The actual writing of code hasn’t been the bulk of development for a while, particularly in larger companies with larger codebases and existing users. The more existing users there are, the more process there tends to be around protections and procedures. These exist to ensure you aren’t breaking existing behaviors, risking security (or press), or causing regressions in some random metric added to the launch process over the product’s lifetime.

This is all in place for a good reason but it also significantly reduces the velocity of development for the product involved. For extremely complex products (like, say, a web browser) this isn’t necessarily a risk to the product itself because the ROI for a new competitor to build a full browser from scratch has been astronomical. This is why there has been so much consolidation in browser engines and why most new “browsers” are just reskinned versions of Chromium.

That has all changed in the last year or so as LLMs have gotten much better at writing code.

Web browsers are prime candidates for disruption

I have a lot of history in the web browser space so it’s one that I’m most familiar with (though I also have plenty of exposure to other huge projects with large legacy user bases).

A clean-sheet web browser is a perfect candidate for being built with AI:

• Virtually every part of the stack is heavily specified and documented (WHATWG, W3C, IETF, TC39, etc.)
• There are at least 3 modern, independent open-source rendering engines (Blink, Gecko, Webkit) that can be used as a reference and for validation.
• There are multiple open-source implementations of Javascript (V8, SpiderMonkey, JavaScriptCore) that can be used as a reference and for validation.
• There are interop tests for testing common web features.
• There are tests within each browser implementation for their implementations of web features.
• There are billions of pages on the web that can be used to test against both existing implementations and any new ones.

If you are getting into the market or need a web rendering engine for your product (embedded or otherwise), are you better off building a new one from scratch that is purpose-built for your needs or trying to shoehorn an existing engine into your product?

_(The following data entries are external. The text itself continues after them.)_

(* In the Ornstein–Uhlenbeck setting described in the context, the optimal intervention boundaries satisfy: as functions of $c_1$ (all other parameters fixed), $c_1\mapsto a^*(c_1)$ is decreasing and $c_1\mapsto b^*(c_1)$ is increasing; as functions of $c_2$ (all other parameters fixed), $c_2\mapsto a^*(c_2)$ is decreasing and $c_2\mapsto b^*(c_2)$ is increasing.
   Context: Fix parameters $r>0$, $\rho>0$, $m\in\mathbb{R}$, $\sigma>0$, $\theta\in\mathbb{R}$ and constant marginal intervention costs $c_1,c_2\in\mathbb{R}$ with $c_1+c_2>0$ (the parameters are varied only within this range). The (log-)exchange rate controlled by $\nu=\xi-\eta$ (difference of two nondecreasing adapted left-continuous processes started at $0$, with increments on disjoint sets) evolves as $dX_t=\rho(m-X_t)dt+\sigma dB_t+d\xi_t-d\eta_t$, $X_0=x\in\mathbb{R}$, where $B$ is a Brownian motion. The central bank minimizes over admissible controls $\mathbb{E}_x[\int_0^\infty e^{-rs}\tfrac12(X_s-\theta)^2ds+c_1\int_0^\infty e^{-rs}d\xi_s+c_2\int_0^\infty e^{-rs}d\eta_s]$ (jumps included). Let $D_\alpha(y)=\frac{e^{-y^2/4}}{\Gamma(-\alpha)}\int_0^\infty t^{-\alpha-1}e^{-t^2/2-yt}dt$ ($\alpha<0$), $\widehat\phi(x)=e^{\rho(x-m)^2/(2\sigma^2)}D_{-(r+\rho)/\rho}\big(\tfrac{(x-m)\sqrt{2\rho}}{\sigma}\big)$, $\widehat\psi(x)=e^{\rho(x-m)^2/(2\sigma^2)}D_{-(r+\rho)/\rho}\big(-\tfrac{(x-m)\sqrt{2\rho}}{\sigma}\big)$, $\widehat m'(z)=\frac{2}{\sigma^2}e^{-\rho(z-m)^2/\sigma^2}$. The optimal intervention boundaries $a^*<b^*$ are the unique pair with $a^*<\theta-(r+\rho)c_1$ and $b^*>\theta+(r+\rho)c_2$ solving $\int_a^b(z-\theta+(r+\rho)c_1)\widehat m'\widehat\phi\,dz=-(r+\rho)(c_1+c_2)\int_b^\infty\widehat m'\widehat\phi\,dz$ and $\int_a^b(z-\theta-(r+\rho)c_2)\widehat m'\widehat\psi\,dz=(r+\rho)(c_1+c_2)\int_{-\infty}^a\widehat m'\widehat\psi\,dz$; the optimal policy keeps $X$ in $[a^*,b^*]$ by minimal reflection. *)

From Stdlib Require Import Reals.
From Coquelicot Require Import Coquelicot.
Open Scope R_scope.

Definition int_0_inf (f : R -> R) : R :=
  RInt_gen f (at_point 0) (Rbar_locally p_infty).

Definition Gamma_fn (s : R) : R :=
  int_0_inf (fun t => Rpower t (s - 1) * exp (- t)).

(* Parabolic cylinder function, integral representation (alpha < 0):
   D_alpha(y) = e^{-y^2/4}/Gamma(-alpha) int_0^oo t^{-alpha-1} e^{-t^2/2 - y t} dt *)
Definition D_pc (alpha y : R) : R :=
  exp (- y ^ 2 / 4) / Gamma_fn (- alpha) *
  int_0_inf (fun t => Rpower t (- alpha - 1) * exp (- t ^ 2 / 2 - y * t)).

Definition phi_hat (r rho m sigma x : R) : R :=
  exp (rho * (x - m) ^ 2 / (2 * sigma ^ 2)) *
  D_pc (- (r + rho) / rho) ((x - m) * sqrt (2 * rho) / sigma).

Definition psi_hat (r rho m sigma x : R) : R :=
  exp (rho * (x - m) ^ 2 / (2 * sigma ^ 2)) *
  D_pc (- (r + rho) / rho) (- ((x - m) * sqrt (2 * rho) / sigma)).

Definition m_hat_d (rho m sigma z : R) : R :=
  2 / sigma ^ 2 * exp (- rho * (z - m) ^ 2 / sigma ^ 2).

Definition OptBoundaries (r rho m sigma theta c1 c2 a b : R) : Prop :=
  a < theta - (r + rho) * c1 /\
  theta + (r + rho) * c2 < b /\
  RInt (fun z => (z - theta + (r + rho) * c1) * m_hat_d rho m sigma z
                   * phi_hat r rho m sigma z) a b
  = - (r + rho) * (c1 + c2) *
    RInt_gen (fun z => m_hat_d rho m sigma z * phi_hat r rho m sigma z)
             (at_point b) (Rbar_locally p_infty) /\
  RInt (fun z => (z - theta - (r + rho) * c2) * m_hat_d rho m sigma z
                   * psi_hat r rho m sigma z) a b
  = (r + rho) * (c1 + c2) *
    RInt_gen (fun z => m_hat_d rho m sigma z * psi_hat r rho m sigma z)
             (Rbar_locally m_infty) (at_point a).
Lemma haar_stepE r (M X : 'M[R]_(2 ^ r)) (c : 'cV[R]_2) (m f : nat -> nat -> R) (g : nat -> R) :
    (forall x k : 'I_(2 ^ r), M x k = m x k) ->
    (forall x k : 'I_(2 ^ r), X x k = f x k) -> (forall i : 'I_2, c i 0 = g i) ->
  forall x k : 'I_(2 ^ r.+1), haar_step M X c x k = haar_stepN r m f g x k.
Proof.
move=> Mm Xf cg x k; rewrite /haar_step /haar_stepN castmxE !mxE.
case: splitP => j /= ->; rewrite !mxE ?Mm ?Xf ?ord1 /=.
- by rewrite [in RHS](_ : (j < 2 ^ r)%N) ?divn1 ?mulr1 // -[X in (_ < X)%N]muln1.
- rewrite cg ifN; last by lia.
  have -> : (2 ^ r * 1 + j - 2 ^ r = j)%N by lia.
  by rewrite divn1.
Qed.

Definition deltaN (x k : nat) : R := (x == k)%:R.

Fixpoint hadamardN r : nat -> nat -> R :=
  if r is r'.+1 then haar_stepN r' (hadamardN r') (hadamardN r') (fun e => (-1) ^+ e)
  else fun _ _ => 1.

Fixpoint haarN r : nat -> nat -> R :=
  if r is r'.+1 then haar_stepN r' (haarN r') deltaN (fun e => (-1) ^+ e)
  else fun _ _ => 1.

Fixpoint haar0N r : nat -> nat -> R :=
  if r is r'.+1 then haar_stepN r' (haar0N r') deltaN (fun _ => 1)
  else fun _ _ => 1.

Lemma vec_aE (i : 'I_2) : vec_a R i 0 = 1.
Proof. by rewrite mxE. Qed.

Lemma vec_bE (i : 'I_2) : vec_b R i 0 = (-1) ^+ i.
Proof. by rewrite mxE; case: i => -[|[|]]. Qed.

Lemma scalar1_mxE n (x k : 'I_n) : (1%:M : 'M[R]_n) x k = deltaN x k.
Proof. by rewrite mxE. Qed.

Lemma dim1_mxE (x k : 'I_(2 ^ 0)) : (1%:M : 'M[R]_(2 ^ 0)) x k = 1.
Proof. by rewrite mxE; case: x k => [[|x] Hx] [[|k] Hk]. Qed.

Lemma hadamardE r (x k : 'I_(2 ^ r)) : hadamard R r x k = hadamardN r x k.
Proof.
elim: r x k => [|r IH] x k; first exact: dim1_mxE.
by apply: haar_stepE => // i; rewrite vec_bE.
Qed.

Lemma haarWE r (x k : 'I_(2 ^ r)) : haarW R r x k = haarN r x k.
Proof.
elim: r x k => [|r IH] x k; first exact: dim1_mxE.
by apply: haar_stepE => // *; rewrite (scalar1_mxE, vec_bE).
Qed.

Lemma haarW0E r (x k : 'I_(2 ^ r)) : haarW0 R r x k = haar0N r x k.
Proof.
elim: r x k => [|r IH] x k; first exact: dim1_mxE.
by apply: haar_stepE => // *; rewrite (scalar1_mxE, vec_aE).
Qed.

End HaarEntries.

Section HaarCoefficients.
Variable R : rcfType.
Local Notation s := (Num.sqrt (2 : R))^-1.

Lemma sqr_invsqrt2 : s * s = 2^-1.
Proof. by rewrite -invfM -expr2 sqr_sqrtr. Qed.

Lemma invsqrt2_pairE (a b c d : R) : s * a * (s * b) + s * c * (s * d) = (a * b + c * d) / 2.
Proof. by rewrite [s * a * _]mulrACA [s * c * _]mulrACA sqr_invsqrt2 -mulrDr mulrC. Qed.

Lemma eq_divr2 (x y : R) : x = y * 2 -> x / 2 = y.
Proof. by move=> ->; rewrite mulfK ?pnatr_eq0. Qed.

Lemma sum_nat_pairs n (F : nat -> R) :
  \sum_(0 <= x < 2 * n) F x = \sum_(0 <= y < n) (F (2 * y)%N + F (2 * y + 1)%N).
Proof.
elim: n => [|n IH]; first by rewrite !big_geq.
rewrite (_ : (2 * n.+1 = (2 * n).+2)%N) ?big_nat_recr //= ?IH ?addrA; last lia.
by do 2 f_equal; lia.
Qed.

Lemma sum_nat_deltaN n j (f : nat -> R) : (j < n)%N ->
  \sum_(0 <= x < n) deltaN R x j * f x = f j.
Proof.
move=> ltjn; rewrite big_mkord (bigD1 (Ordinal ltjn)) //= /deltaN eqxx mul1r.
rewrite big1 ?addr0 // => i /negbTE neq_ij.
by rewrite (_ : (i == j :> nat) = false) ?mul0r.
Qed.

Definition dotN r (f g : nat -> nat -> R) k j := \sum_(0 <= x < 2 ^ r) f x k * g x j.

Local Notation hw_dot r := (dotN r (hadamardN R r) (haarN R r)).
Local Notation hw0_dot r := (dotN r (hadamardN R r) (haar0N R r)).

Lemma hadamardN_sqr r x k : hadamardN R r x k ^+ 2 = 2^-1 ^+ r.
Proof.
elim: r x k => [|r IH] x k /=; first by rewrite expr1n.
have sqr_s : s ^+ 2 = 2^-1 by rewrite expr2 sqr_invsqrt2.
rewrite /haar_stepN [in RHS]exprS exprMn sqr_s; case: ifP => _; first by rewrite IH.
by rewrite exprMn IH -exprM mulnC exprM sqrrN !expr1n mulr1.
Qed.

Lemma hw_dotS r k j : (j < 2 ^ r.+1)%N ->
  hw_dot r.+1 k j =
    if (k < 2 ^ r)%N then (if (j < 2 ^ r)%N then hw_dot r k j else 0)
    else (if (j < 2 ^ r)%N then 0 else hadamardN R r (j - 2 ^ r) (k - 2 ^ r)).
Proof.
move=> ltj; rewrite /dotN expnS sum_nat_pairs /= /haar_stepN.
have d0 y : ((2 * y) %/ 2 = y)%N by lia.
have d1 y : ((2 * y + 1) %/ 2 = y)%N by lia.
have m0 y : ((2 * y) %% 2 = 0)%N by lia.
have m1 y : ((2 * y + 1) %% 2 = 1)%N by lia.
case: ifP => ltk; case: ifP => ltj'.
- by apply: eq_bigr => y _; rewrite !d0 !d1 invsqrt2_pairE; apply: eq_divr2; ring.
- by apply: big1 => y _; rewrite !d0 !d1 !m0 !m1; ring.
- by apply: big1 => y _; rewrite !d0 !d1 !m0 !m1; ring.
- rewrite -(@sum_nat_deltaN (2 ^ r) (j - 2 ^ r) (fun x => hadamardN R r x (k - 2 ^ r)%N));
    last first.
    by rewrite expnS in ltj; lia.
  by apply: eq_bigr => y _; rewrite !d0 !d1 !m0 !m1 invsqrt2_pairE; apply: eq_divr2; ring.
Qed.

Lemma hw0_dotS r k j : (j < 2 ^ r.+1)%N ->
  hw0_dot r.+1 k j =
    if (k < 2 ^ r)%N then (if (j < 2 ^ r)%N then hw0_dot r k j else hadamardN R r (j - 2 ^ r) k)
    else 0.
Proof.
move=> ltj; rewrite /dotN expnS sum_nat_pairs /= /haar_stepN.
have d0 y : ((2 * y) %/ 2 = y)%N by lia.
have d1 y : ((2 * y + 1) %/ 2 = y)%N by lia.
have m0 y : ((2 * y) %% 2 = 0)%N by lia.
have m1 y : ((2 * y + 1) %% 2 = 1)%N by lia.
case: ifP => ltk; first case: ifP => ltj'.
- by apply: eq_bigr => y _; rewrite !d0 !d1 invsqrt2_pairE; apply: eq_divr2; ring.
- rewrite -(@sum_nat_deltaN (2 ^ r) (j - 2 ^ r) (fun x => hadamardN R r x k)); last first.
    by rewrite expnS in ltj; lia.
  by apply: eq_bigr => y _; rewrite !d0 !d1 invsqrt2_pairE; apply: eq_divr2; ring.
- by apply: big1 => y _; rewrite !d0 !d1 !m0 !m1; ring.
Qed.

(* [level k = L] iff the 1-based index [k + 1] lies in T_L. *)
Definition level (k : nat) : nat := up_log 2 k.+1.

(* Levels 0 and 1 both have weight 1. *)
Definition level_weight (L : nat) : R := 2^-1 ^+ L.-1.

Lemma level0 : level 0 = 0%N.
Proof. exact: up_log1. Qed.

Lemma level_eq0 k : (level k == 0%N) = (k == 0%N).
Proof. by rewrite /level up_log_eq0 /= ltnS leqn0. Qed.

Lemma leq_level m n : (m <= n)%N -> (level m <= level n)%N.
Proof. by move=> le_mn; apply: leq_up_log. Qed.

Lemma level_ltexp r k : (k < 2 ^ r)%N -> (level k <= r)%N.
Proof. exact: up_log_min. Qed.

Lemma level_dyadic r k : (2 ^ r <= k < 2 ^ r.+1)%N -> level k = r.+1.
Proof. by move=> k_r; apply: up_log_eq => //; rewrite ltnS. Qed.

Lemma hw_dot_sqr r k j : (k < 2 ^ r)%N -> (j < 2 ^ r)%N ->
  hw_dot r k j ^+ 2 = (level k == level j)%:R * level_weight (level j).
Proof.
elim: r k j => [|r IH] k j ltk ltj.
  move: ltk ltj; rewrite !ltnS !leqn0 => /eqP -> /eqP ->.
  by rewrite /dotN big_nat1 level0 /= !mul1r expr1n.
rewrite hw_dotS //.
have [ltk'|gek] := ltnP k (2 ^ r); have [ltj'|gej] := ltnP j (2 ^ r).
- exact: IH.
- rewrite (@level_dyadic r j) ?gej // expr0n (_ : (level k == r.+1) = false) ?mul0r //.
  by have := level_ltexp ltk'; lia.
- rewrite (@level_dyadic r k) ?gek // expr0n (_ : (r.+1 == level j) = false) ?mul0r //.
  by have := level_ltexp ltj'; lia.
- by rewrite hadamardN_sqr !(@level_dyadic r) ?gek ?gej // eqxx mul1r.
Qed.

Lemma hw0_dot_sqr r k j : (k < 2 ^ r)%N -> (0 < j < 2 ^ r)%N ->
  hw0_dot r k j ^+ 2 = (level k < level j)%:R * level_weight (level j).
Proof.
elim: r k j => [|r IH] k j ltk /andP [j_gt0 ltj].
  by move: ltj j_gt0; rewrite ltnS leqn0 => /eqP ->.
rewrite hw0_dotS //.
have [ltk'|gek] := ltnP k (2 ^ r); have [ltj'|gej] := ltnP j (2 ^ r).
- by apply: IH; rewrite ?j_gt0.
- rewrite hadamardN_sqr (@level_dyadic r j) ?gej // (_ : (level k < r.+1)%N) ?mul1r //.
  by have := level_ltexp ltk'; lia.
- rewrite (@level_dyadic r k) ?gek // expr0n (_ : (r.+1 < level j)%N = false) ?mul0r //.
  by have := level_ltexp ltj'; lia.
- by rewrite !(@level_dyadic r) ?gek ?gej // ltnn expr0n mul0r.
Qed.

End HaarCoefficients.

Section Columns.
Variable R : rcfType.

Definition psi_left r (i : nat) : 'M[R]_(2 ^ r) := if i == 1%N then haarW0 R r else haarW R r.
Definition psi_right r (i : nat) : 'M[R]_(2 ^ r) := if i == 2%N then haarW0 R r else haarW R r.

(* Psi_0 is the level-0 member of the third family, since column 0 of W is constant. *)
Definition psi_index r (i L : nat) : bool :=
  (L == 0%N) && (i == 3%N) || (0 < L <= r)%N && (i \in [:: 1; 2; 3]%N).

Lemma Psi_ilE r i l : Psi_il R r i l =
  kron_cols (cols_sel (psi_left r i) (dyadic_level l)) (cols_sel (psi_right r i) (dyadic_level l)).
Proof. by rewrite /Psi_il /psi_left /psi_right; case: i => [|[|[|i]]]. Qed.

Lemma haarN_col0 r x : haarN R r x 0 = (Num.sqrt 2)^-1 ^+ r.
Proof. by elim: r x => [|r IH] x //=; rewrite /haar_stepN expn_gt0 IH exprS. Qed.

Lemma Psi_0E r (u : 'I_(2 ^ r)) : (u : nat) = 0%N ->
  Psi_0 R r = kron (col u (haarW R r)) (col u (haarW R r)).
Proof.
move=> u0; apply/matrixP => m j; rewrite !mxE !haarWE u0 !haarN_col0 -exprMn.
rewrite -invfM -expr2 sqr_sqrtr // natrM -expr2 sqrtr_sqr ger0_norm ?ler0n //.
by rewrite natrX exprVn.
Qed.
Lemma delta_AT j (w : 'cV[R]_m) :
  (delta_mx 0 j : 'rV_n) *m (A^T *m w) = (acol A j)^T *m w.
Proof. by rewrite /acol colE trmx_mul trmx_delta mulmxA. Qed.

Lemma selB_AT (w : 'cV[R]_m) : selB B *m (A^T *m w) = (AB A B)^T *m w.
Proof. by rewrite ABE trmx_mul trmxK mulmxA. Qed.

Lemma A_lift j (al : R) (u : 'cV[R]_#|B|) :
  A *m lift B j al u = al *: acol A j + AB A B *m u.
Proof. by rewrite mulmxDr -scalemxAr /acol colE ABE mulmxA. Qed.

End Lift.

Section KmatKernel.
Context {R : realFieldType} {m n : nat} {H : 'M[R]_n} {M : 'M[R]_m}.
Context {A : 'M[R]_(m, n)} {B : {set 'I_n}} {j : 'I_n}.
Hypotheses (psdH : psd H) (psdM : psd M).

Lemma Kmat_kernel (al : R) (u : 'cV[R]_#|B|) (w : 'cV[R]_m) :
  Kmat H A M B j *m col_mx al%:M (col_mx u w) = 0 ->
  [/\ H *m lift B j al u = 0, A *m lift B j al u = 0, M *m w = 0,
      (acol A j)^T *m w = 0 & (AB A B)^T *m w = 0].
Proof.
have [HT _] := psdH.
rewrite /Kmat mul_block_col mul_row_col mul_block_col mul_col_mx add_col_mx.
rewrite -col_mx0 => /eq_col_mx[Kj]; rewrite -col_mx0 => /eq_col_mx[KB KM].
set x := lift B j al u.
have grad_j : (delta_mx 0 j : 'rV_n) *m (H *m x + A^T *m w) = 0.
  by rewrite mulmxDr delta_H_lift // delta_AT -Kj -scalar_mxM mulrC addrA.
have grad_B : selB B *m (H *m x + A^T *m w) = 0.
  by rewrite mulmxDr selB_H_lift // selB_AT -KB mul_mx_scalar addrA.
have Ax : A *m x = M *m w.
  by apply/eqP; rewrite A_lift -subr_eq0 -KM mul_mx_scalar mulNmx addrA.
have [Hx Mw] : H *m x = 0 /\ M *m w = 0.
  apply: psd_saddle_null Ax => //.
  by rewrite lift_tr // mulmxDl -scalemxAl -mulmxA grad_j grad_B scaler0 mulmx0 addr0.
move: grad_j grad_B; rewrite Hx !add0r delta_AT selB_AT.
by split; rewrite // Ax.
Qed.

End KmatKernel.

Section UniqueSolution.
Context {R : realFieldType} {m n : nat} {H : 'M[R]_n} {M : 'M[R]_m}.
Context {A : 'M[R]_(m, n)} {l k : 'I_n} {B : {set 'I_n}}.

(* [lin_system] is [lin_system_rhs 1]. *)
Definition lin_system_rhs (r : R) (dxl dxk : R) (dxB : 'cV[R]_#|B|)
    (dy : 'cV[R]_m) (dzl dzk : R) : Prop :=
  (H l l * dxl + H k l * dxk + ((hBcol H B l)^T *m dxB) 0 0
        - ((acol A l)^T *m dy) 0 0 - dzl = 0) /\ (
      H k l * dxl + H k k * dxk + ((hBcol H B k)^T *m dxB) 0 0
        - ((acol A k)^T *m dy) 0 0 - dzk = 0) /\ (
      dxl *: hBcol H B l + dxk *: hBcol H B k + HBB H B *m dxB
        - (AB A B)^T *m dy = 0) /\ (
      dxl *: acol A l + dxk *: acol A k + AB A B *m dxB + M *m dy = 0) /\ (
      dxl + dzl = r) /\ dxk = 0.

Lemma lin_system_rhs_comb (c : R) {r r' x1 x2 xB y z1 z2 x1' x2' xB' y' z1' z2'} :
  lin_system_rhs r x1 x2 xB y z1 z2 ->
  lin_system_rhs r' x1' x2' xB' y' z1' z2' ->
  lin_system_rhs (c * r + r') (c * x1 + x1') (c * x2 + x2') (c *: xB + xB')
     (c *: y + y') (c * z1 + z1') (c * z2 + z2').
Proof.
move=> [e1 [e2 [e3 [e4 [e5 e6]]]]] [f1 [f2 [f3 [f4 [f5 f6]]]]].
have comb (a a' b : R) : a = 0 -> a' = 0 -> b = c * a + a' -> b = 0.
  by move=> -> -> ->; rewrite mulr0 addr0.
split; [|split; [|split; [|split; [|split]]]]; last 2 first.
- by rewrite -e5 -f5; ring.
- by rewrite e6 f6 mulr0 addr0.
- rewrite !mulmxDr -!scalemxAr ![(_ + _ : 'M_1) 0 0]mxE ![(_ *: _ : 'M_1) 0 0]mxE.
  by apply: (comb _ _ _ e1 f1); ring.
- rewrite !mulmxDr -!scalemxAr ![(_ + _ : 'M_1) 0 0]mxE ![(_ *: _ : 'M_1) 0 0]mxE.
  by apply: (comb _ _ _ e2 f2); ring.
- apply/matrixP => i j; move/matrixP/(_ i j): e3; move/matrixP/(_ i j): f3.
  rewrite !mulmxDr -!scalemxAr !mxE => f3 e3.
  by apply: (comb _ _ _ e3 f3); ring.
- apply/matrixP => i j; move/matrixP/(_ i j): e4; move/matrixP/(_ i j): f4.
  rewrite !mulmxDr -!scalemxAr !mxE => f4 e4.
  by apply: (comb _ _ _ e4 f4); ring.
Qed.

I’d hazard a guess that for most use cases the answer is now (or will soon be) “build a new one from scratch”.

What would be involved in building a new web browser?

Browsers have some pretty clear components that basically stand-alone and have well-defined interfaces into the other parts of the system:

For the most part, you can break each of those pieces into a stand-alone project once the interfaces are defined and iterate on building them independently.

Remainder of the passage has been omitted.